# MATH 3375 Examples Notebook #17

# Decision Trees

We explore another algorithm for predicting classification (categorical response), using the **mtcars** and **iris** data sets.

Again, our response variable is **am**, the transmission type, where 0=automatic, and 1=manual.


In [None]:
#install.packages("rpart")
library(rpart)
library(rpart.plot)

In [None]:
#Look at data set
head(mtcars)

## Decision Tree with Default Configuration Parameters 

Our first model is a decision tree created using the **rpart** library, with default values for all parameters.

In [None]:
#Create model
tran_model_tree_01 <- rpart(am~.,data=mtcars,method="class")

#Print model summary
print(tran_model_tree_01)

#View model sketch and show group sizes
par(xpd=NA)
plot(tran_model_tree_01)
text(tran_model_tree_01,use.n=TRUE)

### A More Refined Plot

The plot below is easier to read, but does not show the precise count of data points in each group.  However, it does provide:

* Branch labels (yes/no)
* Majority class at each node
* Proportion of each node that has class 1 (manual transmission)
* Proportion of overall data set at each node

In [None]:
rpart.plot(tran_model_tree_01)

### Surprisingly Simple?

This model only uses one variable, and makes a very simple comparison. Yet the final nodes are not "pure" (exclusively containing records of only one class.)  Is this the best we can do?

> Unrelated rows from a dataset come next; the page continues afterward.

Lemma mean_fiber_dist F g e0 h h' w w' : e0 \notin F ->
  w \in fiber F g e0 h -> w' \in fiber F g e0 h' ->
  `|mean f (fiber F g e0 h) - mean f (fiber F g e0 h')| <= c.
Proof.
move=> e0F wh w'h'.
have to_h' : {in fiber F g e0 h, forall u, swap_to e0 h' u \in fiber F g e0 h'}.
  by move=> u uh; exact: (swap_to_fiber e0F uh w'h').
have to_h : {in fiber F g e0 h', forall u, swap_to e0 h u \in fiber F g e0 h}.
  by move=> u uh'; exact: (swap_to_fiber e0F uh' wh).
have to_h'K : {in fiber F g e0 h, cancel (swap_to e0 h') (swap_to e0 h)}.
  by move=> u; apply: swap_toK.
have to_hK : {in fiber F g e0 h', cancel (swap_to e0 h) (swap_to e0 h')}.
  by move=> u; apply: swap_toK.
rewrite (mean_reindex_bij f to_h' to_h to_h'K to_hK).
apply: mean_dist_le => [|u uh]; first by apply/card_gt0P; exists w.
exact/f_swap_le/(fiber_inj uh).
Qed.

(* The law of total variance for the fibres of [w |-> w e0], an induction on the
   number of unrevealed tails, and [mean_fiber_dist] for the between-fibre part. *)
Lemma sqdev_inj_ext_le k F g : #|~: F| = k ->
  sqdev f (inj_ext F g) <= #|inj_ext F g|%:R * k%:R * c ^+ 2.
Proof.
elim: k F g => [|k IHk] F g.
  move=> /cards0_eq FT; rewrite (@sqdev_const _ _ _ _ (f g)) ?mulr0 ?mul0r // => w.
  rewrite inE => /andP[_ /forallP wg]; congr f; apply/ffunP => x.
  have : x \notin ~: F by rewrite FT inE.
  rewrite inE negbK => xF.
  by move: (wg x); rewrite xF => /eqP.
move=> cardCF; have [e0] : exists e0, e0 \in ~: F by apply/card_gt0P; rewrite cardCF.
rewrite inE => e0F.
have cardCeF : #|~: (e0 |: F)| = k.
  have -> : ~: (e0 |: F) = ~: F :\ e0 by apply/setP => x; rewrite !inE negb_or.
  by move: cardCF; rewrite (cardsD1 e0) inE e0F => -[].
rewrite (sqdev_blocks f (fun u : {ffun T -> H} => u e0)).
rewrite (card_blocks _ (fun u : {ffun T -> H} => u e0)).
rewrite !mulr_suml; apply: ler_sum => h _; rewrite -/(fiber F g e0 h).
have [/cards0_eq ->|/card_gt0P[w wh]] := posnP #|fiber F g e0 h|.
  by rewrite /sqdev big_set0 cards0 !mul0r addr0.
have IH := IHk (e0 |: F) w cardCeF; rewrite -(fiberE wh) in IH.
have dist : `|mean f (fiber F g e0 h) - mean f (inj_ext F g)| <= c.
  apply: (mean_blocks_dist (p := fun u : {ffun T -> H} => u e0)) => [h' /card_gt0P[w' w'h']|].
    exact: mean_fiber_dist e0F wh w'h'.
  by apply/card_gt0P; exists w; move: wh; rewrite inE => /andP[].
rewrite -natr1 mulrDr mulr1 mulrDl; apply: lerD => //.
rewrite ler_wpM2l //; move: dist; rewrite ler_norml => /andP[]; nra.
Qed.

Lemma card_dev_injections_le (eps : R) : 0 < eps ->
  #|[set w in injections | eps < `|f w - mean f injections|]|%:R / #|injections|%:R
    <= #|T|%:R * c ^+ 2 / eps ^+ 2.
Proof.
set S := injections; move=> eps_gt0; have rhs_ge0 : 0 <= #|T|%:R * c ^+ 2 / eps ^+ 2.
  by rewrite divr_ge0 ?sqr_ge0 // mulr_ge0 ?sqr_ge0.
have [S0|/card_gt0P[w0 w0S]] := posnP #|S|; first by rewrite S0 invr0 mulr0.
have S_inj_ext : S = inj_ext finset.set0 w0.
  by apply/setP => w; rewrite !inE; case: injectiveb => //=; apply/esym/forallP => x; rewrite inE.
have cardC0 : #|~: (finset.set0 : {set T})| = #|T|.
  by rewrite -cardsT; apply: eq_card => x; rewrite !inE.
have sqdevS := sqdev_inj_ext_le w0 cardC0; rewrite -S_inj_ext in sqdevS.
have S_gt0 : 0 < #|S|%:R :> R by rewrite ltr0n; apply/card_gt0P; exists w0.
rewrite ler_pdivrMr // mulrAC ler_pdivlMr ?exprn_gt0 //.
rewrite [leRHS](_ : _ = #|S|%:R * #|T|%:R * c ^+ 2); last by ring.
exact: le_trans (card_dev_le f S eps_gt0) sqdevS.
Qed.

End BoundedSwaps.
End InjectionSwaps.

Lemma card_tag (I : finType) (T_ : I -> finType) i :
  #|[set e : {i : I & T_ i} | tag e == i]| = #|T_ i|.
Proof.
have -> : [set e : {i : I & T_ i} | tag e == i] = Tagged T_ @: [set: T_ i].
  apply/setP => e; rewrite inE; apply/eqP/imsetP; last by case=> x _ ->.
  by move=> E; exists (etagged E); rewrite ?inE ?etaggedK.
by rewrite card_imset ?cardsT // => x y; apply: eq_from_Tagged.
Qed.

Lemma card_tags (k : nat) (d : 'I_k -> nat) : #|{: {i : 'I_k & 'I_(d i)}}| = (\sum_i d i)%N.
Proof.
by rewrite card_tagged sumnE big_map big_enum; apply: eq_bigr => i _; rewrite card_ord.
Qed.

Lemma sum_indicator1 (R : nzSemiRingType) (I : finType) (x : I) : \sum_i ((i == x)%:R : R) = 1.
Proof. by rewrite (bigD1 x) //= eqxx big1 ?addr0 // => i /negbTE ->. Qed.

Section Chain.
Variables (R : realType) (n : nat) (dm dp : 'I_n -> nat).
Hypothesis dp_gt0 : forall i, (0 < dp i)%N.
Local Notation T := (tails dp).
Local Notation P w := (Pmat R w).
Implicit Types (w : {ffun T -> heads dm}) (u v : 'rV[R]_n).

Definition narcs w i j := #|[set e : T | (tag e == i) && (tag (w e) == j)]|.

Lemma PmatE w i j : P w i j = (narcs w i j)%:R / (dp i)%:R.
Proof. by rewrite mxE. Qed.

Lemma Pmat_ge0 w i j : 0 <= P w i j.
Proof. by rewrite PmatE divr_ge0 ?ler0n. Qed.

Lemma sum_narcs_row w i : (\sum_j narcs w i j)%N = dp i.
Proof.
rewrite -[RHS]card_ord -(card_tag (fun i => 'I_(dp i)) i) -(sum_card_blocks (fun e => tag (w e))).
by apply: eq_bigr => j _; apply: eq_card => e; rewrite !inE.
Qed.

Lemma Pmat_row_sum w i : \sum_j P w i j = 1.
Proof.
under eq_bigr do rewrite PmatE.
by rewrite -mulr_suml -natr_sum sum_narcs_row divff // pnatr_eq0 -lt0n.
Qed.

Lemma sum_narcs_col_le w j : injective w -> (\sum_i narcs w i j <= dm j)%N.
Proof.
move=> w_inj; have -> : (\sum_i narcs w i j = #|[set e : T | tag (w e) == j]|)%N.
  rewrite -(sum_card_blocks tag); apply: eq_bigr => i _.
  by apply: eq_card => e; rewrite !inE andbC.
rewrite -[dm j]card_ord -(card_tag (fun i => 'I_(dm i)) j) -(card_imset _ w_inj).
apply/subset_leq_card/fintype.subsetP => y /imsetP[e].
by rewrite !inE => + ->.
Qed.

Lemma Pmat_col_sum_le w j : injective w -> \sum_i P w i j <= (dm j)%:R.
Proof.
move=> w_inj; apply: le_trans (_ : \sum_i (narcs w i j)%:R <= _).
  apply: ler_sum => i _; rewrite PmatE ler_pdivrMr ?ltr0n //.
  by rewrite ler_peMr ?ler0n // ler1n.
by rewrite -natr_sum ler_nat sum_narcs_col_le.
Qed.

Definition l1norm v := \sum_j `|v ord0 j|.

Lemma l1norm_ge0 v : 0 <= l1norm v.
Proof. by apply: sumr_ge0 => j _. Qed.

Lemma l1normN v : l1norm (- v) = l1norm v.
Proof. by apply: eq_bigr => j _; rewrite mxE normrN. Qed.

Lemma l1normD u v : l1norm (u + v) <= l1norm u + l1norm v.
Proof. by rewrite /l1norm -big_split; apply: ler_sum => j _; rewrite mxE ler_normD. Qed.

Lemma l1norm_mulmx_le u (M : 'M[R]_n) :
  l1norm (u *m M) <= \sum_i `|u ord0 i| * \sum_j `|M i j|.
Proof.
rewrite /l1norm; under eq_bigr do rewrite mxE.
apply: le_trans (_ : \sum_j \sum_i `|u ord0 i| * `|M i j| <= _).
  apply: ler_sum => j _; apply: le_trans (ler_norm_sum _ _ _) _.
  by apply: ler_sum => i _; rewrite normrM.
by rewrite exchange_big /=; under eq_bigr do rewrite -mulr_sumr.
Qed.
Lemma run_sub_F : {subset a :: X <= F}.
Proof. by move=> x xaX; rewrite eF mem_cat -cat_cons mem_cat xaX orbT. Qed.

Lemma run_infix : B = B1 ++ a :: X ++ B2.
Proof.
have aB : a \in B by rewrite aXB ?mem_head.
have pB : path (succ_in B) a X.
  apply: (@sub_in_path _ [predI F & B] (succ_in F)).
  - by move=> x y xFB yFB; rewrite sFB.
  - by apply/allP => x xaX; rewrite inE aXB ?run_sub_F.
  by rewrite eF succ_path_cat // -eF.
rewrite /B1 /B2 -{1}(cat_take_drop (index a B) B) (drop_nth a) ?index_mem // nth_index //.
rewrite -{1}(cat_take_drop (size X) (drop (index a B).+1 B)) (succ_path_take_drop aB pB).
by rewrite drop_drop addnC addSnnS.
Qed.

Lemma F2_sub_F : {subset F2 <= F}.
Proof. by move=> w wF2; rewrite eF -cat_cons catA mem_cat wF2 orbT. Qed.

Lemma index_run_head : index a F = size c /\ index a B = size B1.
Proof.
have uB' := uB; rewrite run_infix in uB'.
by rewrite {1}run_infix index_uniq_cat // eF index_uniq_cat // -eF.
Qed.

Lemma index_F2 w : w \in F2 ->
  w \notin c ++ a :: X /\ index w F = size (c ++ a :: X) + index w F2.
Proof.
move=> wF2; have : uniq ((c ++ a :: X) ++ F2) by rewrite -catA -eF.
rewrite cat_uniq => /and3P[_ /hasPn/(_ w wF2) wn _].
by rewrite eF -cat_cons catA index_cat_notin.
Qed.

Lemma index_B2 w : w \in B2 ->
  w \notin B1 ++ a :: X /\ index w B = size (B1 ++ a :: X) + index w B2.
Proof.
move=> wB2; have : uniq ((B1 ++ a :: X) ++ B2) by rewrite -catA -run_infix.
rewrite cat_uniq => /and3P[_ /hasPn/(_ w wB2) wn _].
by rewrite {1}run_infix -cat_cons catA index_cat_notin.
Qed.
Lemma card_down_edges : #|[set down_edge t | t in [pred t | down_triple t]]| =
  \sum_(L in bases) \sum_(i in L) #|down_swaps L i|.
Proof.
rewrite card_in_imset; last exact: down_edge_inj.
have -> : #|[pred t | down_triple t]| = \sum_(t : triple) down_triple t.
  by rewrite sumb_card; apply: eq_card => t; rewrite !inE.
rewrite [RHS]big_mkcond (eq_bigr (fun L => \sum_i \sum_j (down_triple (L, i, j) : nat))).
  by rewrite pair_big pair_big; apply: eq_big => // -[[L i] j].
move=> L _; rewrite /down_triple /=; case: (L \in bases) => /=; last first.
  by rewrite big1 // => i _; rewrite big1.
rewrite big_mkcond; apply: eq_bigr => i _; case: (i \in L) => /=; last by rewrite big1.
by rewrite sumb_card; apply: eq_card => j; rewrite [RHS]inE.
Qed.

End Bases.

Section Polytope.
Variables (R : realType) (n : nat).
Implicit Types (B X Y : {set 'I_n}) (Bs S : {set {set 'I_n}}) (c : 'rV[R]_n).
Local Open Scope ring_scope.

Lemma dotv_ptvec c B : dotv c (ptvec R B) = \sum_(k in B) c 0 k.
Proof.
rewrite /dotv [RHS]big_mkcond; apply: eq_bigr => k _; rewrite mxE.
by case: (k \in B); rewrite ?mulr1 ?mulr0.
Qed.

Lemma ptvec_inj : injective (@ptvec n R).
Proof.
move=> B X eq_BX; apply/setP => k; have := congr1 (fun v : 'rV[R]_n => v 0 k) eq_BX.
by rewrite /= !mxE => /eqP; rewrite eqr_nat; case: (k \in B); case: (k \in X).
Qed.

Lemma dotv_swap c B (i j : 'I_n) : i \in B -> j \notin B ->
  dotv c (ptvec R (swap B i j)) + c 0 i = dotv c (ptvec R B) + c 0 j.
Proof.
move=> Bi notBj; rewrite !dotv_ptvec /swap big_setU1 /=; last first.
  by rewrite !inE negb_and notBj orbT.
by rewrite [in RHS](big_setD1 i Bi) /=; lra.
Qed.

Lemma faceP Bs c B : reflect
  (B \in Bs /\ forall B', B' \in Bs -> dotv c (ptvec R B') <= dotv c (ptvec R B))
  (B \in face_of Bs c).
Proof.
rewrite inE; apply: (iffP andP) => [[Bs_B /forall_inP max_B]|[Bs_B max_B]]; split=> //.
by apply/forall_inP.
Qed.

(* Qualified, since [diffmx] alone is a notation of mxalgebra. *)
Lemma row_diffmx S B (a : 'I_#|S|) :
  row a (Defs.diffmx R S B) = ptvec R (enum_val a) - ptvec R B.
Proof. by apply/rowP => k; rewrite !mxE. Qed.

Lemma rank1_row_span p q (M : 'M[R]_(p, q)) a b :
  \rank M = 1%N -> row a M != 0 -> exists l : R, row b M = l *: row a M.
Proof.
move=> rank_M nz_a; apply/sub_rVP; apply: submx_trans (row_sub b M) _.
have [_ eq_rank] := mxrank_leqif_sup (row_sub a M).
by rewrite -eq_rank rank_rV nz_a rank_M.
Qed.

Lemma rank_diffmx_pair B X : B != X -> \rank (Defs.diffmx R [set B; X] B) = 1%N.
Proof.
move=> neq_BX; set M := Defs.diffmx R _ B; have S_X : X \in [set B; X] by rewrite set22.
have row_X : row (enum_rank_in S_X X) M = ptvec R X - ptvec R B.
  by rewrite row_diffmx enum_rankK_in.
have nz_X : row (enum_rank_in S_X X) M != 0.
  by rewrite row_X subr_eq0; apply: contra neq_BX => /eqP /ptvec_inj ->.
apply/eqP; rewrite eqn_leq lt0n mxrank_eq0 andbC; apply/andP; split.
  by apply: contra nz_X => /eqP ->; rewrite row0.
apply: leq_trans (rank_leq_row (row (enum_rank_in S_X X) M)).
apply: mxrankS; apply/row_subP => a; rewrite row_diffmx.
by case/set2P: (enum_valP a) => ->; rewrite ?subrr ?sub0mx // -row_X submx_refl.
Qed.

Lemma rank1_diffmx_pair S B X (j : 'I_n) : \rank (Defs.diffmx R S B) = 1%N ->
  B \in S -> X \in S -> j \in X -> j \notin B -> S = [set B; X].
Proof.
move=> rank_M S_B S_X Xj notBj; set M := Defs.diffmx R S B.
have row_X : row (enum_rank_in S_X X) M = ptvec R X - ptvec R B.
  by rewrite row_diffmx enum_rankK_in.
have nz_X : row (enum_rank_in S_X X) M != 0.
  by rewrite row_X subr_eq0; apply: contraNneq notBj => /ptvec_inj <-.
apply/setP => Y; apply/idP/set2P => [S_Y|[]->//].
have [l] := rank1_row_span (enum_rank_in S_Y Y) rank_M nz_X.
rewrite row_X row_diffmx enum_rankK_in // => eq_l.
have := congr1 (fun v : 'rV[R]_n => v 0 j) eq_l; rewrite /= !mxE Xj (negbTE notBj) /=.
case: (j \in Y) => /= l_val.
  have l1 : l = 1 by lra.
  by right; apply: ptvec_inj; apply: (subIr (ptvec R B)); rewrite eq_l l1 scale1r.
have l0 : l = 0 by lra.
by left; apply: ptvec_inj; apply: subr0_eq; rewrite eq_l l0 scale0r.
Qed.

End Polytope.

Section Edges.
Variables (R : realType) (n r : nat) (P Q : {set 'I_n}).
Hypothesis card_P : #|P| = r.
Local Notation bases := (lpm_bases r P Q).
Implicit Types (B X Y : {set 'I_n}) (i j : 'I_n).
Local Open Scope ring_scope.
Lemma gap_weight1 : gap_weight 1 = 'X.
Proof. by rewrite gap_weightE alt_geom1 polyC1 mulr1 expr1 addrAC subrr add0r. Qed.

Lemma gap_weightSS p :
  gap_weight p.+2 = ('X%:P - 1) * gap_weight p.+1 + 'X%:P * gap_weight p.
Proof. by rewrite !gap_weightE !alt_geomS !rmorphB !rmorphXn /= !exprS; ring. Qed.

Section LowCoefficients.
Variable R : comRingType.
Implicit Types P Q : {poly R}.

Definition low_coef0 N P := forall k, (k <= N)%N -> P`_k = 0.

Lemma low_coef0D N P Q : low_coef0 N P -> low_coef0 N Q -> low_coef0 N (P + Q).
Proof. by move=> P0 Q0 k le_kN; rewrite coefD P0 // Q0 // addr0. Qed.

Lemma low_coef0N N P : low_coef0 N P -> low_coef0 N (- P).
Proof. by move=> P0 k le_kN; rewrite coefN P0 // oppr0. Qed.

Lemma low_coef0Ml N P Q : low_coef0 N Q -> low_coef0 N (P * Q).
Proof.
move=> Q0 k le_kN; rewrite coefM big1 // => i _.
by rewrite Q0 ?mulr0 // (leq_trans (leq_subr _ _)).
Qed.

Definition xderiv P := 'X * P^`().

Lemma coef_xderiv P k : (xderiv P)`_k = P`_k *+ k.
Proof. by rewrite /xderiv coefXM; case: k => [|k] //=; rewrite coef_deriv. Qed.

Lemma low_coef0_xderiv N P : low_coef0 N P -> low_coef0 N (xderiv P).
Proof. by move=> P0 k le_kN; rewrite coef_xderiv P0 // mul0rn. Qed.

Lemma xderivM P Q : xderiv (P * Q) = xderiv P * Q + P * xderiv Q.
Proof. by rewrite /xderiv derivM; ring. Qed.

Lemma xderivB P Q : xderiv (P - Q) = xderiv P - xderiv Q.
Proof. by rewrite /xderiv derivB; ring. Qed.

End LowCoefficients.

Definition gap_coef p : Ry := if p is 0 then 0 else (gap_weight p)%:P.

Definition varW : Rx := ((('X : {poly int})%:P)%:P)%:P.
Definition varZ : Rx := (('X : {poly {poly int}})%:P)%:P.
Definition varY : Rx := ('X : Ry)%:P.
Definition gap_den : Rx := 1 + (1 - varW) * 'X - varW * 'X^2.
Definition gap_num : Rx := 'X * (varZ + varW * 'X).

Definition gap_series N : Rx := \poly_(p < N.+1) gap_coef p.
Definition cycle_series N : Rx := \poly_(k < N.+1) cycle_poly k.

Lemma gap_series_fraction N : low_coef0 N (gap_series N * gap_den - gap_num).
Proof.
move=> k le_kN.
have -> : gap_series N * gap_den - gap_num =
    gap_series N + (1 - varW) * ('X * gap_series N) - varW * ('X^2 * gap_series N)
    - ('X * varZ + 'X^2 * varW) by rewrite /gap_den /gap_num; ring.
rewrite !coefB !coefD /varW /varZ -!polyCB !coefCM !coefXM !coefXnM !coef_poly.
have lt1 : (k.-1 < N.+1)%N by lia.
have lt2 : (k - 2 < N.+1)%N by lia.
rewrite ltnS le_kN lt1 lt2.
have gSS p : (gap_weight p.+2)%:P = ('X%:P - 1)%:P * (gap_weight p.+1)%:P
    + ('X%:P)%:P * (gap_weight p)%:P :> Ry.
  by rewrite gap_weightSS rmorphD !rmorphM.
case: k {le_kN lt1 lt2} => [|[|[|k]]] /=; rewrite ?coefC /=.
- ring.
- by rewrite gap_weight1; ring.
- by rewrite gSS gap_weight1 gap_weight0; ring.
by rewrite subSS subn1 /= gSS; ring.
Qed.

Lemma cycle_polyE k :
  cycle_poly k = 'X * (gap_coef k *+ k) + 'X * \sum_(i < k.+1) gap_coef i * cycle_poly (k - i).
Proof.
rewrite {1}/cycle_poly cyclic_sum_rec.
rewrite -(big_mkord xpredT (fun i => gap_coef i * cycle_poly (k - i))) big_ltn //= mul0r add0r.
congr (_ * _ + _ * _); first by case: k.
by apply: eq_big_nat => h /andP[h_gt0 _]; case: h h_gt0.
Qed.

Lemma cycle_series_recursion N :
  low_coef0 N (cycle_series N * (1 - varY * gap_series N) - varY * xderiv (gap_series N)).
Proof.
move=> k le_kN.
have -> : cycle_series N * (1 - varY * gap_series N) - varY * xderiv (gap_series N)
   = cycle_series N - varY * (gap_series N * cycle_series N) - varY * xderiv (gap_series N).
  by ring.
rewrite !coefB /varY !coefCM coef_xderiv coefM !coef_poly ltnS le_kN [cycle_poly k]cycle_polyE.
have -> : \sum_(i < k.+1) (gap_series N)`_i * (cycle_series N)`_(k - i)
   = \sum_(i < k.+1) gap_coef i * cycle_poly (k - i).
  apply: eq_bigr => i _; rewrite !coef_poly !ifT //; have := ltn_ord i; lia.
ring.
Qed.

Definition num_poly : Rx :=
  'X * varY * (- (varW * varW * 'X * 'X) + varW * 'X * 'X * varZ + varW * 'X * 'X
               + (varW + varW) * 'X + varZ).

Definition den_poly : Rx :=
  (varW * 'X * 'X * varY + varW * 'X * 'X + 'X * varY * varZ + varW * 'X - 'X - 1)
  * (varW * 'X - 1) * ('X + 1).

Lemma cycle_series_fraction N : low_coef0 N (cycle_series N * den_poly - num_poly).
Proof.
set G := gap_series N; set T := cycle_series N.
have Dh : xderiv gap_den = (1 - varW) * 'X - (varW *+ 2) * 'X^2.
  rewrite /xderiv /gap_den /varW.
  by rewrite !(derivD, derivB, derivM, derivC, derivX, derivXn, derivN) /=; ring.
have Du : xderiv gap_num = varZ * 'X + (varW *+ 2) * 'X^2.
  by rewrite /xderiv /gap_num /varW /varZ !(derivD, derivM, derivC, derivX) /=; ring.
(* [T * den - num] is a combination of the defects of the two identities
   [G * gap_den = gap_num] and [T * (1 - y G) = y * xderiv G]. *)
set E := G * gap_den - gap_num.
have -> : T * den_poly - num_poly =
    gap_den ^+ 2 * (T * (1 - varY * G) - varY * xderiv G) + (varY * T * gap_den) * E
    + varY * (gap_den * xderiv E - xderiv gap_den * E).
  by rewrite /E xderivB xderivM Dh Du /den_poly /num_poly /gap_den /gap_num; ring.
have E0 : low_coef0 N E := @gap_series_fraction N.
apply: low_coef0D; first apply: low_coef0D.
- exact/low_coef0Ml/cycle_series_recursion.
- exact: low_coef0Ml.
apply/low_coef0Ml/low_coef0D; first exact/low_coef0Ml/low_coef0_xderiv.
exact/low_coef0N/low_coef0Ml.
Qed.

Definition fps_approx N (f : fps) (P : Rx) :=
  forall k j a, (k <= N)%N -> f k j a = P`_k`_j`_a.

Section FpsApprox.
Variable N : nat.

Lemma fps_approxD f g P Q :
  fps_approx N f P -> fps_approx N g Q -> fps_approx N (f + g)%F (P + Q).
Proof. by move=> fP gQ k j a le_kN; rewrite /fps_add fP // gQ // !coefD. Qed.

Lemma fps_approxN f P : fps_approx N f P -> fps_approx N (- f)%F (- P).
Proof. by move=> fP k j a le_kN; rewrite /fps_opp fP // !coefN. Qed.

The default parameters for a decision tree prevent the tree from branching to trivial comparisons that are likely to be overfit to the training data.  We will look at these 3 parameters to control how much the tree is "pruned".

* **cp** - Complexity Parameter - Minimum improvement in fit that must be accomplished to warrant splitting a node
* **minsplit** - Minimum number of data points in node before it can be split
* **minbucket** - Minimum number of data points in a terminal node ('leaf')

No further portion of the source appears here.